Visual exposure enhances stimulus encoding and persistence in primary cortex

Abstract

Significance Experience shapes sensory responses, already at the earliest stages of cortical processing. We provide evidence that, in the primary visual cortex of anesthetized cats, brief repetitive exposure to a set of simple, abstract stimuli expands the range and decreases the variability of neuronal responses that persist after stimulus offset. These refinements increase the stimulus-specific clustering of neuronal population responses and result in a more efficient encoding of both stimulus identity and stimulus structure, thus potentially benefiting simple readouts in higher cortical areas.

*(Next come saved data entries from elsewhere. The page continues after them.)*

(* Let $A$ be a monotonic modal algebra and let $S$ be a countable subset of $\mathcal{P}(A)$. Let $J_S(A)=\langle Q_S(A),\mathcal{V}_A\rangle$, where for each $F\in Q_S(A)$ $$\mathcal{V}_A(F)=\mathord{\uparrow}\bigl\{\{G\in Q_S(A)\mid x\in G\}\;\bigm|\; x\in A,\ \Box x\in F\bigr\},$$ the upward closure being taken in $\mathcal{P}(Q_S(A))$ ordered by inclusion. Then $J_S(A)$ is a monotonic neighborhood frame. Moreover, if $A$ is topped then $J_S(A)$ is topped, and if $A$ is cufi then $J_S(A)$ is cufi.
   Context: A modal algebra is a structure $\langle A;\lor,\land,-,\Box,0,1\rangle$ whose reduct $\langle A;\lor,\land,-,0,1\rangle$ is a Boolean algebra and $\Box$ is an arbitrary unary operation on $A$. It is monotonic if $\Box(x\land y)\le \Box x\land\Box y$ for all $x,y$ (equivalently $x\le y\Rightarrow \Box x\le\Box y$); topped if $\Box 1=1$; cufi if $\Box x\land\Box y\le\Box(x\land y)$ for all $x,y$. A prime filter of a Boolean algebra is a proper filter $F$ ($0\notin F$) such that $x\lor y\in F$ implies $x\in F$ or $y\in F$. For $S\subseteq\mathcal{P}(A)$, a Q-filter for $S$ is a prime filter $F$ such that for every $X\in S$: if the meet $\bigwedge X$ exists in $A$ and $X\subseteq F$, then $\bigwedge X\in F$. $Q_S(A)$ denotes the set of all Q-filters for $S$. A neighborhood frame is a pair $\langle C,\mathcal{V}\rangle$ with $C$ a non-empty set and $\mathcal{V}:C\to\mathcal{P}(\mathcal{P}(C))$. It is monotonic if for every $c\in C$, $\mathcal{V}(c)$ is upward closed under $\subseteq$ in $\mathcal{P}(C)$; topped if $C\in\mathcal{V}(c)$ for every $c$; cufi (closed under finite intersections) if for every $c$ and every non-empty finite $T\subseteq\mathcal{V}(c)$, $\bigcap T\in\mathcal{V}(c)$. *)

From HB Require Import structures.
From mathcomp Require Import all_boot all_order.
From mathcomp Require Import boolp classical_sets cardinality.
Set Implicit Arguments. Unset Strict Implicit. Unset Printing Implicit Defensive.
Import Order.TTheory.

Local Open Scope classical_set_scope.

Section ModalAlg.
(* A Boolean algebra is a complemented distributive lattice with top and
   bottom: [ctbDistrLatticeType d].  A modal algebra is such an A together
   with an arbitrary unary operation [box : A -> A]. *)
Context {d : Order.disp_t} {A : ctbDistrLatticeType d}.

Definition monotonic_alg (box : A -> A) : Prop :=
  forall x y : A, (box (Order.meet x y) <= Order.meet (box x) (box y))%O.

Definition topped_alg (box : A -> A) : Prop := box Order.top = Order.top.

Definition cufi_alg (box : A -> A) : Prop :=
  forall x y : A, (Order.meet (box x) (box y) <= box (Order.meet x y))%O.

Definition is_filter (F : set A) : Prop :=
  F Order.top /\
  (forall x y, F x -> (x <= y)%O -> F y) /\
  (forall x y, F x -> F y -> F (Order.meet x y)).

Definition prime_filter (F : set A) : Prop :=
  is_filter F /\ ~ F Order.bottom /\
  (forall x y, F (Order.join x y) -> F x \/ F y).

Definition is_meet (X : set A) (m : A) : Prop :=
  (forall x, X x -> (m <= x)%O) /\
  (forall l, (forall x, X x -> (l <= x)%O) -> (l <= m)%O).

Definition Q_filter (S : set (set A)) (F : set A) : Prop :=
  prime_filter F /\
  forall X, S X -> forall m, is_meet X m -> X `<=` F -> F m.

Definition QS (S : set (set A)) : set (set A) := [set F | Q_filter S F].

Definition VA (box : A -> A) (S : set (set A)) (F : set A)
  : set (set (set A)) :=
  [set Y | Y `<=` QS S /\
     exists x, F (box x) /\ [set G | QS S G /\ G x] `<=` Y].
End ModalAlg.

Section Frames.
Context {W : Type}.
(* A neighborhood frame <C, V> with C a subset of an ambient type W and
   V : C -> P(P(C)). *)
Definition nbhd_frame (C : set W) (V : W -> set (set W)) : Prop :=
  C !=set0 /\ forall c, C c -> forall X, V c X -> X `<=` C.

Definition monotonic_frame (C : set W) (V : W -> set (set W)) : Prop :=
  forall c, C c -> forall X Y, V c X -> X `<=` Y -> Y `<=` C -> V c Y.

Definition topped_frame (C : set W) (V : W -> set (set W)) : Prop :=
  forall c, C c -> V c C.

Definition cufi_frame (C : set W) (V : W -> set (set W)) : Prop :=
  forall c, C c -> forall T : set (set W),
    finite_set T -> T !=set0 -> T `<=` V c -> V c (\bigcap_(X in T) X).
End Frames.

(* The frame J_S(A) = <Q_S(A), V_A> is monotonic by construction, since V_A(F)
   is defined as an upward closure inside P(Q_S(A)).  If box 1 = 1, the whole
   of Q_S(A) is the extent of 1 and hence a neighborhood of every F.  If box is
   cufi, the neighborhood witnessed by x and the one witnessed by y meet in a
   neighborhood witnessed by x /\ y, since box x /\ box y <= box (x /\ y) and
   the extent of x /\ y lies in both extents; induction over a list then
   handles nonempty finite families.

   The substantial point is that Q_S(A) is nonempty, i.e. J_S(A) is a frame at
   all.  This is the Rasiowa--Sikorski lemma: for each X in the countable
   family S, the elements deciding X (lying below its meet, or below the
   complement of one of its members) are dense, so one builds a descending
   chain of nonzero elements deciding every member of S in turn.  Its upward
   closure is a proper filter, which extends by Zorn's lemma to a maximal, hence
   prime, filter; that prime filter preserves all meets of members of S. *)

From mathcomp Require Import all_boot all_order.
From mathcomp Require Import boolp classical_sets cardinality.
Set Implicit Arguments. Unset Strict Implicit. Unset Printing Implicit Defensive.
Import Order.Theory.
Local Open Scope classical_set_scope.

Lemma set_seq_cons (T : eqType) (x : T) (s : seq T) :
  [set` x :: s] = x |` [set` s].
Proof.
apply/seteqP; split=> y /=; rewrite inE; first by move=> /orP[/eqP ->|sy]; [left|right].
by move=> [->|sy]; rewrite ?eqxx ?sy ?orbT.
Qed.

Section FilterTheory.
Context {d : Order.disp_t} {A : ctbDistrLatticeType d}.
Local Open Scope order_scope.

Definition proper_filter (F : set A) : Prop := is_filter F /\ ~ F \bot.

Lemma proper_filter_compl (F : set A) x :
  proper_filter F -> F x -> F (~` x) -> False.
Proof.
by move=> [[_ [_ Fmeet]] Fbot] Fx Fcx; apply: Fbot; rewrite -(meetxC x); apply: Fmeet.
Qed.

Definition filter_adjoin (F : set A) (z : A) : set A :=
  [set w | exists2 a, F a & a `&` z <= w].

Lemma filter_adjoin_filter (F : set A) z : is_filter F -> is_filter (filter_adjoin F z).
Proof.
move=> [Ftop [_ Fmeet]]; split; first by exists \top => //; exact: lex1.
split=> [x y [a Fa le_ax] le_xy|x y [a Fa le_ax] [b Fb le_by]].
  by exists a => //; exact: le_trans le_xy.
exists (a `&` b); first exact: Fmeet.
rewrite lexI; apply/andP; split.
  by apply: le_trans le_ax; rewrite leI2 ?leIl.
by apply: le_trans le_by; rewrite leI2 ?leIr.
Qed.

Lemma filter_adjoin_ext (F : set A) z : F `<=` filter_adjoin F z.
Proof. by move=> w Fw; exists w => //; exact: leIl. Qed.

Lemma filter_adjoin_mem (F : set A) z : is_filter F -> filter_adjoin F z z.
Proof. by move=> [Ftop _]; exists \top => //; exact: leIr. Qed.

Lemma maximal_filter_refutes (U : set A) z :
  proper_filter U -> (forall G, proper_filter G -> U `<=` G -> G `<=` U) ->
  ~ U z -> exists2 a, U a & a `&` z <= \bot.
Proof.
move=> [filU _] maxU Uz; apply: contrapT => no_refutation.
apply: Uz; apply: (maxU (filter_adjoin U z)).
- split; first exact: filter_adjoin_filter.
  by move=> [a Ua le_bot]; apply: no_refutation; exists a.
- exact: filter_adjoin_ext.
- exact: filter_adjoin_mem.
Qed.

Lemma maximal_filter_prime (U : set A) :
  proper_filter U -> (forall G, proper_filter G -> U `<=` G -> G `<=` U) ->
  prime_filter U.
Proof.
move=> propU maxU; have [[Utop [Uup Umeet]] Ubot] := propU.
split=> //; split=> // x y Uxy.
have [Ux|Ux] := pselect (U x); first by left.
have [Uy|Uy] := pselect (U y); first by right.
have [a Ua ax_bot] := maximal_filter_refutes propU maxU Ux.
have [b Ub by_bot] := maximal_filter_refutes propU maxU Uy.
exfalso; apply: Ubot; apply: (Uup ((a `&` b) `&` (x `|` y))).
  exact: Umeet (Umeet _ _ Ua Ub) Uxy.
rewrite meetUr leUx; apply/andP; split.
  by apply: le_trans ax_bot; rewrite leI2 ?leIl.
by apply: le_trans by_bot; rewrite leI2 ?leIr.
Qed.

Lemma chain_union_proper_filter (C : set (set A)) :
  C !=set0 -> (forall X, C X -> proper_filter X) -> total_on C subset ->
  proper_filter (\bigcup_(X in C) X).
Proof.
move=> [X0 CX0] propC chainC; split; last by move=> [X CX] /(propC X CX).2.
split; first by exists X0 => //; have [[]] := propC X0 CX0.
split=> [x y [X CX Xx] le_xy|x y [X CX Xx] [Y CY Yy]].
  by exists X => //; have [[_ [Xup _]] _] := propC X CX; exact: Xup le_xy.
have [XY|YX] := chainC X Y CX CY.
  by exists Y => //; have [[_ [_ Ymeet]] _] := propC Y CY; apply: Ymeet => //; exact: XY.
by exists X => //; have [[_ [_ Xmeet]] _] := propC X CX; apply: Xmeet => //; exact: YX.
Qed.

Lemma prime_filter_extension (F : set A) :
  proper_filter F -> exists2 U, prime_filter U & F `<=` U.
Proof.
move=> propF.
pose P (X : set A) := F `<=` X /\ proper_filter X.
pose T := {X : set A | P X}.
pose R (X Y : T) := `[< sval X `<=` sval Y >].
have [||C chainC|U maxU] := @ZL_preorder T (exist P F (conj (@subset_refl _ F) propF)) R.
- by move=> X; apply/asboolP.
- by move=> X Y Z /asboolP XY /asboolP YZ; apply/asboolP; exact: subset_trans YZ.
- have [[X0 CX0]|C0] := pselect (C !=set0); last first.
    exists (exist P F (conj (@subset_refl _ F) propF)) => X CX.
    by exfalso; apply: C0; exists X.
  have chain_val : total_on [set sval X | X in C] subset.
    move=> _ _ [X CX <-] [Y CY <-].
    by have [/asboolP|/asboolP] := chainC X Y CX CY; [left|right].
  have prop_union : proper_filter (\bigcup_(X in [set sval X | X in C]) X).
    apply: chain_union_proper_filter => //; first by exists (sval X0), X0.
    by move=> _ [X _ <-]; exact: (svalP X).2.
  have F_union : F `<=` \bigcup_(X in [set sval X | X in C]) X.
    by move=> w Fw; exists (sval X0); [exists X0|exact: (svalP X0).1].
  exists (exist P _ (conj F_union prop_union)) => X CX; apply/asboolP.
  by move=> w Xw; exists (sval X) => //; exists X.
- case: U maxU => U [FU propU] maxU; exists U => //.
  apply: maximal_filter_prime => // G propG UG.
  have UG_R : R (exist P U (conj FU propU)) (exist P G (conj (subset_trans FU UG) propG)).
    exact/asboolP.
  by have /asboolP := maxU _ UG_R.
Qed.

(* [a] decides the set [X] (in the sense of Rasiowa--Sikorski): any proper
   filter containing [a] contains the meet of [X], or omits some element of
   [X]. *)
Definition decides (X : set A) (a : A) : Prop :=
  forall m, is_meet X m -> a <= m \/ exists2 x, X x & a <= ~` x.

Lemma decides_dense (X : set A) a :
  a != \bot -> exists b, [/\ b != \bot, b <= a & decides X b].
Proof.
move=> a0; have [[m0 meet_m0]|no_meet] := pselect (exists m, is_meet X m); last first.
  by exists a; split=> // m meet_m; exfalso; apply: no_meet; exists m.
have le_m0 m : is_meet X m -> m0 <= m by move=> meet_m; apply: meet_m.2; exact: meet_m0.1.
have [am0|am0] := eqVneq (a `&` m0) \bot; last first.
  exists (a `&` m0); split; rewrite ?leIl // => m /le_m0 le_m0m.
  by left; exact: le_trans (leIr _ _) le_m0m.
have [[x Xx ax]|no_x] := pselect (exists2 x, X x & a `&` ~` x != \bot).
  by exists (a `&` ~` x); split; rewrite ?leIl // => m _; right; exists x; rewrite ?leIr.
have le_am0 : a <= m0.
  apply: meet_m0.2 => x Xx; rewrite -[x]complK -disj_leC.
  by apply: contrapT => /negP ax; apply: no_x; exists x.
by move: a0; rewrite -am0 (meet_l le_am0) eqxx.
Qed.

Lemma deciding_chain (e : nat -> set A) :
  (\top : A) != \bot ->
  exists a : nat -> A,
    [/\ forall n, a n != \bot, forall n, a n.+1 <= a n & forall n, decides (e n) (a n.+1)].
Proof.
move=> top0; pose N := {b : A | b != \bot}.
have next (b : N) n : {c : N | sval c <= sval b /\ decides (e n) (sval c)}.
  have /cid[c [c0 le_cb dec_c]] := decides_dense (e n) (svalP b).
  by exists (exist _ c c0).
pose a := fix a n : N := if n is k.+1 then sval (next (a k) k) else exist _ \top top0.
exists (fun n => sval (a n)); split=> n; first exact: (svalP (a n)).
  exact: (svalP (next (a n) n)).1.
exact: (svalP (next (a n) n)).2.
Qed.

Lemma chain_proper_filter (a : nat -> A) :
  (forall n, a n != \bot) -> (forall n, a n.+1 <= a n) ->
  proper_filter [set y | exists n, a n <= y].
Proof.
move=> a0 a_dec.
have a_anti i j : (i <= j)%N -> a j <= a i.
  move=> /subnK <-; elim: (j - i)%N => [|k IH] //=.
  exact: le_trans (a_dec _) IH.
split; last by move=> [n]; rewrite lex0; apply/negP.
split; first by exists 0%N; exact: lex1.
split=> [x y [n le_x] le_xy|x y [n le_x] [k le_y]]; first by exists n; exact: le_trans le_xy.
exists (maxn n k); rewrite lexI (le_trans _ le_x) ?(le_trans _ le_y) //.
  exact/a_anti/leq_maxr.
exact/a_anti/leq_maxl.
Qed.

Lemma QS_nonempty (S : set (set A)) :
  (\bot : A) <> \top -> countable S -> QS S !=set0.
Proof.
move=> bot_top /pcard_surjP[e S_enum].
have top0 : (\top : A) != \bot by apply/eqP => top_bot; apply: bot_top.
have [a [a0 a_dec a_decides]] := deciding_chain e top0.
have [U primeU chainU] := prime_filter_extension (chain_proper_filter a0 a_dec).
have [[_ [Uup _]] [Ubot _]] := primeU.
exists U; split=> // X SX m meet_m XU.
have [n _ enX] := S_enum X SX; rewrite -enX in meet_m XU.
have Ua : U (a n.+1) by apply: chainU; exists n.+1.
have [le_am|[x Xx le_ax]] := a_decides n m meet_m; first exact: Uup le_am.
exfalso; apply: (@proper_filter_compl U x); first by split; [exact: primeU.1|].
  exact: XU.
exact: Uup le_ax.
Qed.
End FilterTheory.

Section CanonicalFrame.
Context {d : Order.disp_t} {A : ctbDistrLatticeType d}.
Variables (box : A -> A) (S : set (set A)).
Local Open Scope order_scope.
Local Open Scope classical_set_scope.

Definition extent (x : A) : set (set A) := [set G | QS S G /\ G x].

Lemma extent_le x y : (x <= y)%O -> extent x `<=` extent y.
Proof.
move=> le_xy G [QG Gx]; split=> //.
by have [[[_ [Gup _]] _] _] := QG; exact: Gup Gx le_xy.
Qed.

Lemma VA_upward (F : set A) (X Y : set (set A)) :
  VA box S F X -> X `<=` Y -> Y `<=` QS S -> VA box S F Y.
Proof.
by move=> [_ [x [Fx extX]]] XY YQ; split=> //; exists x; split=> //; exact: subset_trans XY.
Qed.

Lemma VA_top (F : set A) : topped_alg box -> is_filter F -> VA box S F (QS S).
Proof.
by move=> box_top [Ftop _]; split=> //; exists \top; rewrite box_top; split=> // G [].
Qed.

Lemma VA_setI (F : set A) (X Y : set (set A)) :
  cufi_alg box -> is_filter F ->
  VA box S F X -> VA box S F Y -> VA box S F (X `&` Y).
Proof.
move=> cufi [_ [Fup Fmeet]] [XQ [x [Fx extX]]] [_ [y [Fy extY]]].
split; first by move=> G [/XQ].
exists (x `&` y)%O; split; first exact: Fup (Fmeet _ _ Fx Fy) (cufi x y).
move=> G Gxy; split; [apply: extX | apply: extY].
  exact: extent_le (leIl x y) _ Gxy.
exact: extent_le (leIr y x) _ Gxy.
Qed.

Lemma VA_bigcap (F : set A) (Y : set (set A)) (s : seq (set (set A))) :
  cufi_alg box -> is_filter F -> [set` Y :: s] `<=` VA box S F ->
  VA box S F (\bigcap_(X in [set` Y :: s]) X).
Proof.
move=> cufi filF; elim: s Y => [|Z s IH] Y sV.
  by rewrite set_cons1 bigcap_set1; apply: sV; rewrite /= inE.
rewrite set_seq_cons bigcap_setU1; apply: VA_setI => //.
  by apply: sV; rewrite /= inE eqxx.
by apply: IH => X sX; apply: sV; rewrite /= inE sX orbT.
Qed.
End CanonicalFrame.

Theorem mainTheorem1 (d : Order.disp_t) (A : ctbDistrLatticeType d)
  (box : A -> A) (S : set (set A)) :
  (Order.bottom : A) <> Order.top ->
  monotonic_alg box ->
  countable S ->
  nbhd_frame (QS S) (VA box S) /\
  monotonic_frame (QS S) (VA box S) /\
  (topped_alg box -> topped_frame (QS S) (VA box S)) /\
  (cufi_alg box -> cufi_frame (QS S) (VA box S)).
Proof.
move=> bot_top _ countS.
have QS_filter F : QS S F -> is_filter F by case=> [[]].
split; first by split; [exact: QS_nonempty | move=> F _ X []].
split; first by move=> F _ X Y; exact: VA_upward.
split; first by move=> box_top F /QS_filter; exact: VA_top.
move=> cufi F /QS_filter filF T finT T0 TV.
have [[|Y s] defT] := (finite_seqP T).1 finT; first by move: T0; rewrite defT => -[].
by rewrite defT; apply: VA_bigcap; rewrite -?defT.
Qed.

Similar results can be achieved via local plasticity mechanisms in recurrent networks, through self-organized refinements of internal dynamics that do not require changes in firing amplitudes. The brain adapts to the sensory environment. For example, simple sensory exposure can modify the response properties of early sensory neurons. How these changes affect the overall encoding and maintenance of stimulus information across neuronal populations remains unclear. We perform parallel recordings in the primary visual cortex of anesthetized cats and find that brief, repetitive exposure to structured visual stimuli enhances stimulus encoding by decreasing the selectivity and increasing the range of the neuronal responses that persist after stimulus presentation. Low-dimensional projection methods and simple classifiers demonstrate that visual exposure increases the segregation of persistent neuronal population responses into stimulus-specific clusters. These observed refinements preserve the representational details required for stimulus reconstruction and are detectable in postexposure spontaneous activity. Assuming response facilitation and recurrent network interactions as the core mechanisms underlying stimulus persistence, we show that the exposure-driven segregation of stimulus responses can arise through strictly local plasticity mechanisms, also in the absence of firing rate changes. Our findings provide evidence for the existence of an automatic, unguided optimization process that enhances the encoding power of neuronal populations in early visual cortex, thus potentially benefiting simple readouts at higher stages of visual processing.